**Work to be completed:**
Copy exactly, and copy only, the lines from the one bearing "modulo Gamma, finitely" through the final line of the records.

*** Opening Exercise data ***

(* Let $\gamma\in F$ be hyperbolic, with associated sequences $\{U_n^\pm\}$ and relations $\sim^\pm$. Let $\phi$ be a continuous $\Gamma$-invariant function on $\mathcal B^0_\infty$ whose induced function on $\mathcal B^0_\infty/\Gamma$ has compact support, and set $\phi^+=\limsup_{n\to+\infty}\phi\circ\gamma^n$ and $\phi^-=\limsup_{n\to+\infty}\phi\circ\gamma^{-n}$. Then $f\sim^+g$ implies $\phi^+(f)=\phi^+(g)$, and $f\sim^-g$ implies $\phi^-(f)=\phi^-(g)$.
   Context: Setting: a (3,4)-configuration data $(W,\Gamma,O_3,O_4)$ ($W$ metrisable, $\Gamma$ discrete acting continuously, $O_3,O_4$ open subsets of $W^3,W^4$ off the diagonals, $\Gamma$-invariant with proper action, $p(O_4)=O_3$). $B=\mathbb{QP}^1$ is the vertex set of the Farey tessellation of $\mathbb H^2$ and tribones are the vertex triples of its ideal triangles. $\mathcal B_\infty=W^B$ (product topology), $\mathcal B^0_\infty$ the open subset of maps sending at least one tribone into $O_3$; $\Gamma$ acts by post-composition, $\gamma\in F=PSL(2,\mathbb Z)$ by $f\mapsto f\circ\gamma$. For hyperbolic $\gamma$, $\{U_n^+\}$, $\{U_n^-\}$ are decreasing sequences of connected subsets of $B$ (unions of quadribones with connected edge set in the dual tree) with empty intersections and $U_0^+\cap U_0^-=\emptyset$, such that every finite $K\subset B$ satisfies $\gamma^p(K)\subset U_n^+$ (resp. $\gamma^{-p}(K)\subset U_n^-$) for some $p$. $f\sim^+g$ means $f|_{U_n^+}=g|_{U_n^+}$ for some $n$; $f\sim^-g$ means $f|_{U_n^-}=g|_{U_n^-}$ for some $n$. *)

From HB Require Import structures.
From mathcomp Require Import all_boot all_order all_algebra.
From mathcomp Require Import all_classical all_reals all_analysis.
From Stdlib Require Import Relation_Operators.
Set Implicit Arguments. Unset Strict Implicit. Unset Printing Implicit Defensive.
Import Order.TTheory GRing.Theory Num.Theory.
Local Open Scope classical_set_scope.
Local Open Scope ring_scope.

(* B = QP^1 = Q u {oo}; [None] is the point at infinity. *)
Definition QP1 := option rat.

(* Moebius action of an integer 2x2 matrix [[a,b],[c,d]] : x |-> (ax+b)/(cx+d).
   Elements of F = PSL(2,Z) are represented by matrices of SL(2,Z)
   (M and -M act identically). *)
Definition mob (M : 'M[int]_2) (x : QP1) : QP1 :=
  let a : rat := (M 0 0)%:~R in let b : rat := (M 0 1)%:~R in
  let c : rat := (M 1 0)%:~R in let d : rat := (M 1 1)%:~R in
  match x with
  | Some q => if c * q + d == 0 then None else Some ((a * q + b) / (c * q + d))
  | None => if c == 0 then None else Some (a / c)
  end.

Definition SL2Z (M : 'M[int]_2) : Prop := \det M = 1.

Definition hyperbolic (M : 'M[int]_2) : Prop := SL2Z M /\ (2 < `| \tr M |)%R.

Definition tri3 (x y z : QP1) : set QP1 := [set w | w = x \/ w = y \/ w = z].

(* vertex sets of the ideal triangles of the Farey tessellation: the
   PSL(2,Z)-images of the ideal triangle (0, 1, oo) *)
Definition farey_triangle (T : set QP1) : Prop :=
  exists M, SL2Z M /\ T = tri3 (mob M (Some 0)) (mob M (Some 1)) (mob M None).

Definition tribone (t : QP1 * QP1 * QP1) : Prop :=
  [/\ t.1.1 <> t.1.2, t.1.1 <> t.2, t.1.2 <> t.2
    & farey_triangle (tri3 t.1.1 t.1.2 t.2)].

(* edges of the dual tree: pairs of distinct adjacent (sharing an edge)
   Farey triangles; the associated quadribone is the union of their vertices *)
Definition dual_edge (e : set QP1 * set QP1) : Prop :=
  [/\ farey_triangle e.1, farey_triangle e.2, e.1 <> e.2 &
      exists x y, [/\ x <> y, e.1 x, e.1 y, e.2 x & e.2 y]].

Definition quadribone (e : set QP1 * set QP1) : set QP1 := e.1 `|` e.2.

Definition edges_touch (e e' : set QP1 * set QP1) : Prop :=
  e.1 = e'.1 \/ e.1 = e'.2 \/ e.2 = e'.1 \/ e.2 = e'.2.

Definition edges_connected (E : set (set QP1 * set QP1)) : Prop :=
  forall e e', E e -> E e' ->
    clos_refl_trans _ (fun a b => [/\ E a, E b & edges_touch a b]) e e'.

Definition quadribone_connected (U : set QP1) : Prop :=
  exists E : set (set QP1 * set QP1),
    [/\ (forall e, E e -> dual_edge e), edges_connected E &
        U = \bigcup_(e in E) quadribone e].

Definition off_diag3 {W : Type} (x : W * W * W) : Prop :=
  [/\ x.1.1 <> x.1.2, x.1.1 <> x.2 & x.1.2 <> x.2].

Definition off_diag4 {W : Type} (x : W * W * W * W) : Prop :=
  [/\ off_diag3 x.1, x.1.1.1 <> x.2, x.1.1.2 <> x.2 & x.1.2 <> x.2].

Definition act3 {G W : Type} (act : G -> W -> W) (g : G) (x : W * W * W) :=
  (act g x.1.1, act g x.1.2, act g x.2).

Definition act4 {G W : Type} (act : G -> W -> W) (g : G) (x : W * W * W * W) :=
  (act3 act g x.1, act g x.2).

Definition proj43 {W : Type} (x : W * W * W * W) : W * W * W := x.1.

Definition proper_action {G : Type} {X : topologicalType}
  (a : G -> X -> X) (O : set X) : Prop :=
  forall K, compact K -> K `<=` O ->
    finite_set [set g | (a g @` K) `&` K !=set0].

Definition g_invariant {G X : Type} (a : G -> X -> X) (O : set X) : Prop :=
  forall g x, O x -> O (a g x).

Notation Binf W := {ptws QP1 -> W}.

Definition Binf0 {W : Type} (O3 : set (W * W * W)) : set (Binf W) :=
  [set f | exists t, tribone t /\ O3 (f t.1.1, f t.1.2, f t.2)].

(* Subsets of X0/G are encoded by their (G-g_invariant) preimages S in X0, and
   open subsets of the quotient topology by G-g_invariant open subsets of X0;
   the statement is the open-cover definition of compactness in X0/G. *)
Definition quotient_compact {G : Type} {X : topologicalType}
  (a : G -> X -> X) (X0 : set X) (S : set X) : Prop :=
  forall (I : Type) (O : I -> set X),
    (forall i, [/\ open (O i), O i `<=` X0 & g_invariant a (O i)]) ->
    S `<=` \bigcup_i O i ->
    exists J : set I, finite_set J /\ S `<=` \bigcup_(i in J) O i.

(* Preimage in X0 of the support of the function induced on X0/G by a
   G-g_invariant function phi: the closure in X0 of [phi <> 0]. *)
Definition support_in {X : topologicalType} {R : realType}
  (X0 : set X) (phi : X -> R) : set X :=
  X0 `&` closure [set x | X0 x /\ phi x != 0].

Definition phi_plus {W : Type} {R : realType} (phi : Binf W -> R)
  (M : 'M[int]_2) (f : QP1 -> W) : \bar R :=
  limn_esup (fun n => (phi (f \o mob (M ^+ n)))%:E).

Definition phi_minus {W : Type} {R : realType} (phi : Binf W -> R)
  (M : 'M[int]_2) (f : QP1 -> W) : \bar R :=
  limn_esup (fun n => (phi (f \o mob ((invmx M) ^+ n)))%:E).

Definition sim_U {W : Type} (U : nat -> set QP1) (f g : QP1 -> W) : Prop :=
  exists n, forall x, U n x -> f x = g x.

(* Since phi is continuous for the product topology and its support is compact
   modulo Gamma, finitely many Gamma-saturated cylinders, each depending on
   finitely many vertices, cover the support and phi oscillates by less than e
   on each of them. Hence there is a finite K in B such that |phi f - phi g| < e
   whenever f and g agree on K. If f ~+ g then f o gamma^n and g o gamma^n agree
   on K for n large, because gamma^n sends K into U_m^+ on which f and g agree;
   the two sequences phi(f o gamma^n) and phi(g o gamma^n) are thus eventually
   e-close for every e, so they have the same limsup. *)

From HB Require Import structures.
From mathcomp Require Import all_boot all_order all_algebra.
From mathcomp Require Import all_classical all_reals all_analysis.
From mathcomp Require Import ring lra.
Set Implicit Arguments. Unset Strict Implicit. Unset Printing Implicit Defensive.
Import Order.TTheory GRing.Theory Num.Theory.
Import numFieldNormedType.Exports.
Local Open Scope classical_set_scope.
Local Open Scope ring_scope.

*** Closing Exercise data ***

**Task solution:**
   modulo Gamma, finitely many Gamma-saturated cylinders, each depending on
   finitely many vertices, cover the support and phi oscillates by less than e
   on each of them. Hence there is a finite K in B such that |phi f - phi g| < e
   whenever f and g agree on K. If f ~+ g then f o gamma^n and g o gamma^n agree
   on K for n large, because gamma^n sends K into U_m^+ on which f and g agree;
   the two sequences phi(f o gamma^n) and phi(g o gamma^n) are thus eventually
   e-close for every e, so they have the same limsup. *)

From HB Require Import structures.
From mathcomp Require Import all_boot all_order all_algebra.
From mathcomp Require Import all_classical all_reals all_analysis.
From mathcomp Require Import ring lra.
Set Implicit Arguments. Unset Strict Implicit. Unset Printing Implicit Defensive.
Import Order.TTheory GRing.Theory Num.Theory.
Import numFieldNormedType.Exports.
Local Open Scope classical_set_scope.
Local Open Scope ring_scope.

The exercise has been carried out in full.